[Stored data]

== == ==

Lemma sum_single (V : nmodType) N (i0 : 'I_N) (F : 'I_N -> V) :
  (forall i, F i != 0 -> i = i0 :> nat) -> \sum_i F i = F i0.
Proof.
move=> F0; rewrite (bigD1 i0) //= big1 ?addr0 // => i ni0; apply/eqP.
by apply: contraNT ni0 => /F0 /val_inj ->.
Qed.

Lemma sum2_single (V : nmodType) N (i0 j0 : 'I_N) (F : 'I_N -> 'I_N -> V) :
  (forall i j, F i j != 0 -> i = i0 :> nat /\ j = j0 :> nat) ->
  \sum_i \sum_j F i j = F i0 j0.
Proof.
move=> F0; rewrite (sum_single (i0 := i0)) => [|i /sum_neq0[j /F0[]//]].
by apply: sum_single => j /F0[].
Qed.

Lemma sum4_single (V : nmodType) N (i0 j0 k0 l0 : 'I_N) (F : 'I_N -> 'I_N -> 'I_N -> 'I_N -> V) :
  (forall i j k l, F i j k l != 0 ->
     [/\ i = i0 :> nat, j = j0 :> nat, k = k0 :> nat & l = l0 :> nat]) ->
  \sum_i \sum_j \sum_k \sum_l F i j k l = F i0 j0 k0 l0.
Proof.
move=> F0; rewrite (sum2_single (i0 := i0) (j0 := j0)).
  by apply: sum2_single => k l /F0[].
by move=> i j /sum_neq0[k /sum_neq0[l /F0[]]].
Qed.

Section Padding.
Variable V : nmodType.

Definition padmx M N m n (A : 'M[V]_(m, n)) : 'M[V]_(M, N) :=
  \matrix_(i, j)
    match (insub (val i) : option 'I_m), (insub (val j) : option 'I_n) with
    | Some i', Some j' => A i' j'
    | _, _ => 0
    end.

Lemma padmx_id m n (A : 'M[V]_(m, n)) : padmx m n A = A.
Proof. by apply/matrixP => i j; rewrite mxE !valK. Qed.

Lemma trmx_padmx M N m n (A : 'M[V]_(m, n)) : (padmx M N A)^T = padmx N M A^T.
Proof.
apply/matrixP => i j; rewrite !mxE.
by case: (insub (val i) : option 'I_n) => [?|]; case: (insub (val j) : option 'I_m) => [?|];
  rewrite ?mxE.
Qed.
Lemma hinge_sq_expansion (u h : R) :
  Rabs (Rmax 0 (u + h) ^ 2 - Rmax 0 u ^ 2 - 2 * Rmax 0 u * h) <= h ^ 2.
Proof.
  apply Rabs_le. unfold Rmax.
  destruct (Rle_dec 0 (u + h)), (Rle_dec 0 u); split; nra.
Qed.

Lemma is_derive_hinge_sq (a x : R) :
  is_derive (fun t => Rmax 0 (t - a) ^ 2) x (2 * Rmax 0 (x - a)).
Proof.
  apply is_derive_Reals. intros eps Heps.
  exists (mkposreal eps Heps). intros h Hh0 Hh. simpl in Hh.
  assert (Habs_pos : 0 < Rabs h) by (apply Rabs_pos_lt; exact Hh0).
  pose proof (hinge_sq_expansion (x - a) h) as Hexp.
  replace (x + h - a) with (x - a + h) by ring.
  replace ((Rmax 0 (x - a + h) ^ 2 - Rmax 0 (x - a) ^ 2) / h - 2 * Rmax 0 (x - a))
    with ((Rmax 0 (x - a + h) ^ 2 - Rmax 0 (x - a) ^ 2 - 2 * Rmax 0 (x - a) * h) / h)
    by (field; exact Hh0).
  rewrite <- (pow2_abs h) in Hexp. unfold Rdiv. rewrite Rabs_mult, Rabs_inv.
  apply Rmult_lt_reg_r with (Rabs h); [exact Habs_pos|].
  rewrite Rmult_assoc, Rinv_l by lra. nra.
Qed.

Section HingeSums.
Variables (x z : nat -> R).
Hypothesis interlace : forall j, x j <= z j <= x (S j).

(* With [phi = id], [hinge_sum phi n t] is the length of the part of the gaps
   [z j, x (S j)], j < n, lying to the left of t. *)
Fixpoint hinge_sum (phi : R -> R) (n : nat) (t : R) : R :=
  match n with
  | O => 0
  | S m => hinge_sum phi m t + (phi (Rmax 0 (t - z m)) - phi (Rmax 0 (t - x (S m))))
  end.

Lemma interlace_le j k : (j <= k)%nat -> x j <= x k /\ z j <= z k.
Proof.
  induction 1 as [|k _ [IHx IHz]]; [lra|].
  pose proof (interlace k). pose proof (interlace (S k)). lra.
Qed.

Lemma hinge_sum_tail (phi : R -> R) (n k : nat) (t : R) :
  phi 0 = 0 -> (k <= n)%nat -> t <= z k -> hinge_sum phi n t = hinge_sum phi k t.
Proof.
  intros phi0 Hkn Ht. induction Hkn as [|n Hkn IH]; [reflexivity|].
  simpl. rewrite IH.
  destruct (interlace_le k n Hkn) as [_ Hz]. pose proof (interlace n).
  rewrite !Rmax_left, phi0 by lra. ring.
Qed.

Lemma hinge_sum_head (phi : R -> R) (Q : nat -> R) (c : R) (k : nat) (t : R) :
  (forall j, Q (S j) = Q j - c * (phi (t - z j) - phi (t - x (S j)))) ->
  x k <= t -> Q O - c * hinge_sum phi k t = Q k.
Proof.
  intros HQ. induction k as [|k IH]; intros Ht; simpl; [ring|].
  destruct (interlace_le k (S k) (Nat.le_succ_diag_r k)) as [Hx _]. pose proof (interlace k).
  rewrite HQ, <- IH, !Rmax_right by lra. ring.
Qed.

Lemma hinge_sum_gap (phi : R -> R) (k : nat) (t : R) :
  phi 0 = 0 -> t <= x (S k) -> hinge_sum phi (S k) t = hinge_sum phi k t + phi (Rmax 0 (t - z k)).
Proof.
  intros phi0 Ht. simpl. rewrite (Rmax_left 0 (t - x (S k))), phi0 by lra. ring.
Qed.

Lemma is_derive_hinge_sum_sq (n : nat) (t : R) :
  is_derive (hinge_sum (fun u => u ^ 2) n) t (2 * hinge_sum (fun u => u) n t).
Proof.
  induction n as [|n IH]; simpl.
  - apply (is_derive_ext (fun _ => 0)); [reflexivity|]. auto_derive; [exact I | ring].
  - rewrite Rmult_plus_distr_l, Rmult_minus_distr_l.
    apply (is_derive_plus (hinge_sum (fun u => u ^ 2) n)); [exact IH|].
    apply (is_derive_minus (fun y => Rmax 0 (y - z n) ^ 2)); apply is_derive_hinge_sq.
Qed.

Lemma hinge_sum_incr (n : nat) (t s : R) :
  t <= s -> 0 <= hinge_sum (fun u => u) n s - hinge_sum (fun u => u) n t <= s - t.
Proof.
  intros Hts.
  enough (Hinv : 0 <= hinge_sum (fun u => u) n s - hinge_sum (fun u => u) n t
                   <= (Rmin s (x n) - Rmin t (x n)) - (Rmin s (x O) - Rmin t (x O))).
  { unfold Rmin in *. repeat destruct Rle_dec; lra. }
  induction n as [|n IH]; simpl; [lra|].
  pose proof (interlace n). unfold Rmin, Rmax in *. repeat destruct Rle_dec; lra.
Qed.

End HingeSums.

Lemma is_derive_f2fun (f20 g20 x0 L2 t : R) :
  is_derive (f2fun f20 g20 x0 L2) t (L2 * (t - x0) + g20).
Proof. unfold f2fun. auto_derive; [exact I | field]. Qed.

Section Construction.
Variables (f10 f20 g20 x0 mu1 L1 L2 : R) (N : nat).
Hypotheses (gap_pos : 0 < f10 - f20) (N_pos : (1 <= N)%nat)
  (mu1_nonneg : 0 <= mu1) (mu1_lt_L2 : mu1 < L2) (L2_le_L1 : L2 <= L1).

Local Notation p := (p1 mu1 L1 L2).
Local Notation U := (Uc f10 f20 mu1 L1 L2 N).
Local Notation x := (xs f10 f20 x0 mu1 L1 L2 N).
Local Notation xbar := (xbars f10 f20 x0 mu1 L1 L2 N).
Local Notation g1 := (g1s f10 f20 g20 mu1 L1 L2 N).
Local Notation PL := (pieceL f10 f20 g20 x0 mu1 L1 L2 N).
Local Notation PM := (pieceM f10 f20 g20 x0 mu1 L1 L2 N).

Lemma p1_eq :
  p = ((L2 - mu1) * L2 + (L1 - mu1) * L2 + (L1 - L2) * mu1) / (L2 ^ 2 * (L1 - mu1)).
Proof. unfold p1. destruct Req_EM_T as [-> | Hmu1]; field; repeat split; lra. Qed.

Lemma p1_pos : 0 < p.
Proof.
  rewrite p1_eq. apply Rdiv_lt_0_compat; [nra|].
  apply Rmult_lt_0_compat; [apply pow_lt|]; lra.
Qed.

Lemma INR_N_pos : 0 < INR N.
Proof. apply lt_0_INR. lia. Qed.

Lemma U_sq : U ^ 2 = 2 * (f10 - f20) / (p * INR N).
Proof.
  unfold Uc. rewrite <- Rsqr_pow2, <- Rsqr_neg. apply Rsqr_sqrt.
  pose proof p1_pos. pose proof INR_N_pos.
  apply Rlt_le, Rdiv_lt_0_compat; [lra | apply Rmult_lt_0_compat; lra].
Qed.
(* Let $k\geq 0$ and \[F_k(x)=\sum_{l=0}^{k}B_{k-l}(x^{k+2})(x^{k+2}-1)^l\sum_{i=l}^{k}\binom{i}{l}x^{k+1-i}.\] For $0\le i\le k+1$ and $0\le j\le k+1$ let $f_k(i,j)$ denote the coefficient of $x^{(k+2)i+j}$ in $F_k(x)$. Then $f_k(i,0)=0$ for $0\leq i\leq k+1$, and $f_k(i,j+1)=t_k(i,j)$ for $0\leq i\leq k+1$ and $0\leq j\leq k$.
   Context: $B_n(y)=\sum_{\pi\in B_n}y^{\mathrm{des}_B(\pi)}$ is the type $B$ Eulerian polynomial: $B_n$ is the set of signed permutations $\pi_1\cdots\pi_n$ of $[n]$, and with $\pi_0=0$, $\mathrm{des}_B(\pi)$ counts $i\in\{0,\dots,n-1\}$ with $\pi_i>\pi_{i+1}$; $B_0=1$. Define \[\widetilde T_k(x)=\sum_{l=0}^{k}B_{k-l}(x^{k+1})(x^{k+1}-1)^l\sum_{i=l}^{k}\binom{i}{l}x^{k-i},\] and for $0\le i\le k+1$, $0\le j\le k$ let $t_k(i,j)$ be the coefficient of $x^{(k+1)i+j}$ in $\widetilde T_k(x)$. *)

From mathcomp Require Import all_boot all_order all_algebra all_fingroup.
Set Implicit Arguments. Unset Strict Implicit. Unset Printing Implicit Defensive.
Import Order.TTheory GRing.Theory Num.Theory.
Local Open Scope ring_scope.

(* A signed permutation of [n] is a pair (sigma, eps) with sigma : 'S_n and
   eps : 'I_n -> bool (true = negative sign).  Its one-line notation is
   pi_1 ... pi_n with pi_{j+1} = (-1)^{eps j} * (sigma j + 1). *)
Definition signed_perm (n : nat) := ('S_n * {ffun 'I_n -> bool})%type.

Definition sp_val n (s : signed_perm n) (j : 'I_n) : int :=
  (if s.2 j then -1 else 1) * ((s.1 j).+1 : int).

Definition sp_word n (s : signed_perm n) : seq int :=
  0 :: [seq sp_val s j | j <- enum 'I_n].

Definition desB n (s : signed_perm n) : nat :=
  #|[set i : 'I_n | nth 0 (sp_word s) i.+1 < nth 0 (sp_word s) i]|.

Definition Bpoly (n : nat) : {poly int} :=
  \sum_(s : signed_perm n) 'X^(desB s).

Definition Ttilde (k : nat) : {poly int} :=
  \sum_(l < k.+1)
    (Bpoly (k - l)%N \Po 'X^(k.+1)) * ('X^(k.+1) - 1) ^+ l *
    \sum_(l <= i < k.+1) ('C(i, l))%:R * 'X^(k - i)%N.

Definition tk (k i j : nat) : int := (Ttilde k)`_(k.+1 * i + j).

Definition Fk (k : nat) : {poly int} :=
  \sum_(l < k.+1)
    (Bpoly (k - l)%N \Po 'X^(k.+2)) * ('X^(k.+2) - 1) ^+ l *
    \sum_(l <= i < k.+1) ('C(i, l))%:R * 'X^(k.+1 - i)%N.

Definition fk (k i j : nat) : int := (Fk k)`_(k.+2 * i + j).

(* Both F_k and T~_k are sums of products (A \Po 'X^n) * S with A = B_{k-l}(x)(x-1)^l,
   n = k+2 resp. k+1, and S of degree < n.  The coefficient of x^(n i + j), j < n, in
   such a product is A_i * S_j, so the coefficient grid of F_k is that of T~_k: the
   inner sum of F_k is x times the inner sum of T~_k, which shifts j by one and
   leaves column 0 empty. *)
From mathcomp Require Import all_boot all_order all_algebra all_fingroup.
From mathcomp Require Import zify.
Import GRing.Theory.
Local Open Scope ring_scope.

Lemma coef_comp_polyXn_mul (R : nzSemiRingType) (P Q : {poly R}) n m j :
  (size Q <= n)%N -> (j < n)%N -> ((P \Po 'X^n) * Q)`_(n * m + j) = P`_m * Q`_j.
Proof.
move=> /leq_sizeP szQ ltjn.
rewrite comp_polyE mulr_suml coef_sum.
under eq_bigr => i _ do rewrite -scalerAl coefZ -exprM coefXnM.
have off_m (i : nat) : i != m ->
    P`_i * (if (n * m + j < n * i)%N then 0 else Q`_(n * m + j - n * i)) = 0.
  move=> neq_im; case: ifP => [_|le_i]; first by rewrite mulr0.
  have lt_im : (i < m)%N by move/negbT: le_i; move/eqP: neq_im; nia.
  by rewrite szQ ?mulr0 //; nia.
have [lt_m|le_m] := ltnP m (size P).
  rewrite (bigD1 (Ordinal lt_m)) //= big1 => [|i /= /off_m //].
  by rewrite addr0 ifF ?addKn //; nia.
rewrite nth_default // mul0r big1 // => i _; apply: off_m.
by apply: contraTneq (ltn_ord i) => ->; rewrite -leqNgt.
Qed.

Lemma mul_comp_polyXn_expXsub1 (R : comNzRingType) (B : {poly R}) n l :
  (B \Po 'X^n) * ('X^n - 1) ^+ l = (B * ('X - 1) ^+ l) \Po 'X^n.
Proof. by rewrite comp_polyM rmorphXn rmorphB /= comp_polyX comp_polyC. Qed.

Section DescendingMonomialSum.

Variables (R : nzSemiRingType) (a : nat -> nat) (l k : nat).

Lemma size_sum_natmulXsub :
  (size (\sum_(l <= i < k.+1) (a i)%:R * 'X^(k - i) : {poly R})%R <= k.+1)%N.
Proof.
apply/leq_sizeP => t le_kt; rewrite coef_sum big_nat big1 // => i /andP[_ lt_ik].
by rewrite mulr_natl coefMn coefXn gtn_eqF ?mul0rn //; lia.
Qed.

Lemma sum_natmulXsubS :
  \sum_(l <= i < k.+1) (a i)%:R * 'X^(k.+1 - i)%N =
  'X * \sum_(l <= i < k.+1) (a i)%:R * 'X^(k - i)%N :> {poly R}.
Proof.
rewrite mulr_sumr !big_nat; apply: eq_bigr => i /andP[_ lt_ik].
by rewrite mulrA -commr_polyX -mulrA -exprS subSn.
Qed.

Lemma size_X_sum_natmulXsub :
  (size ('X * \sum_(l <= i < k.+1) (a i)%:R * 'X^(k - i) : {poly R})%R <= k.+2)%N.
Proof.
apply: leq_trans (size_polyMleq _ _) _.
by rewrite size_polyX addSn /= ltnS size_sum_natmulXsub.
Qed.

End DescendingMonomialSum.

Theorem lemma3p2 (k : nat) :
  (forall i : nat, (i <= k.+1)%N -> fk k i 0 = 0) /\
  (forall i j : nat, (i <= k.+1)%N -> (j <= k)%N -> fk k i j.+1 = tk k i j).
Proof.
split=> [i _ | i j _ le_jk].
  rewrite /fk /Fk coef_sum big1 // => l _.
  rewrite sum_natmulXsubS mul_comp_polyXn_expXsub1.
  by rewrite coef_comp_polyXn_mul ?size_X_sum_natmulXsub // coefXM eqxx mulr0.
rewrite /fk /tk /Fk /Ttilde !coef_sum; apply: eq_bigr => l _.
rewrite sum_natmulXsubS !mul_comp_polyXn_expXsub1.
rewrite coef_comp_polyXn_mul ?size_X_sum_natmulXsub //.
by rewrite coef_comp_polyXn_mul ?size_sum_natmulXsub // coefXM.
Qed.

== == ==

[What you will do]: Above are the lines; repeat exactly the ones from the line containing "exists (mkposreal eps" down to the line containing "Lemma hinge_sum_gap (phi", both inclusive.

[Answer space]:
  exists (mkposreal eps Heps). intros h Hh0 Hh. simpl in Hh.
  assert (Habs_pos : 0 < Rabs h) by (apply Rabs_pos_lt; exact Hh0).
  pose proof (hinge_sq_expansion (x - a) h) as Hexp.
  replace (x + h - a) with (x - a + h) by ring.
  replace ((Rmax 0 (x - a + h) ^ 2 - Rmax 0 (x - a) ^ 2) / h - 2 * Rmax 0 (x - a))
    with ((Rmax 0 (x - a + h) ^ 2 - Rmax 0 (x - a) ^ 2 - 2 * Rmax 0 (x - a) * h) / h)
    by (field; exact Hh0).
  rewrite <- (pow2_abs h) in Hexp. unfold Rdiv. rewrite Rabs_mult, Rabs_inv.
  apply Rmult_lt_reg_r with (Rabs h); [exact Habs_pos|].
  rewrite Rmult_assoc, Rinv_l by lra. nra.
Qed.

Section HingeSums.
Variables (x z : nat -> R).
Hypothesis interlace : forall j, x j <= z j <= x (S j).

(* With [phi = id], [hinge_sum phi n t] is the length of the part of the gaps
   [z j, x (S j)], j < n, lying to the left of t. *)
Fixpoint hinge_sum (phi : R -> R) (n : nat) (t : R) : R :=
  match n with
  | O => 0
  | S m => hinge_sum phi m t + (phi (Rmax 0 (t - z m)) - phi (Rmax 0 (t - x (S m))))
  end.

Lemma interlace_le j k : (j <= k)%nat -> x j <= x k /\ z j <= z k.
Proof.
  induction 1 as [|k _ [IHx IHz]]; [lra|].
  pose proof (interlace k). pose proof (interlace (S k)). lra.
Qed.

Lemma hinge_sum_tail (phi : R -> R) (n k : nat) (t : R) :
  phi 0 = 0 -> (k <= n)%nat -> t <= z k -> hinge_sum phi n t = hinge_sum phi k t.
Proof.
  intros phi0 Hkn Ht. induction Hkn as [|n Hkn IH]; [reflexivity|].
  simpl. rewrite IH.
  destruct (interlace_le k n Hkn) as [_ Hz]. pose proof (interlace n).
  rewrite !Rmax_left, phi0 by lra. ring.
Qed.

Lemma hinge_sum_head (phi : R -> R) (Q : nat -> R) (c : R) (k : nat) (t : R) :
  (forall j, Q (S j) = Q j - c * (phi (t - z j) - phi (t - x (S j)))) ->
  x k <= t -> Q O - c * hinge_sum phi k t = Q k.
Proof.
  intros HQ. induction k as [|k IH]; intros Ht; simpl; [ring|].
  destruct (interlace_le k (S k) (Nat.le_succ_diag_r k)) as [Hx _]. pose proof (interlace k).
  rewrite HQ, <- IH, !Rmax_right by lra. ring.
Qed.

Lemma hinge_sum_gap (phi : R -> R) (k : nat) (t : R) :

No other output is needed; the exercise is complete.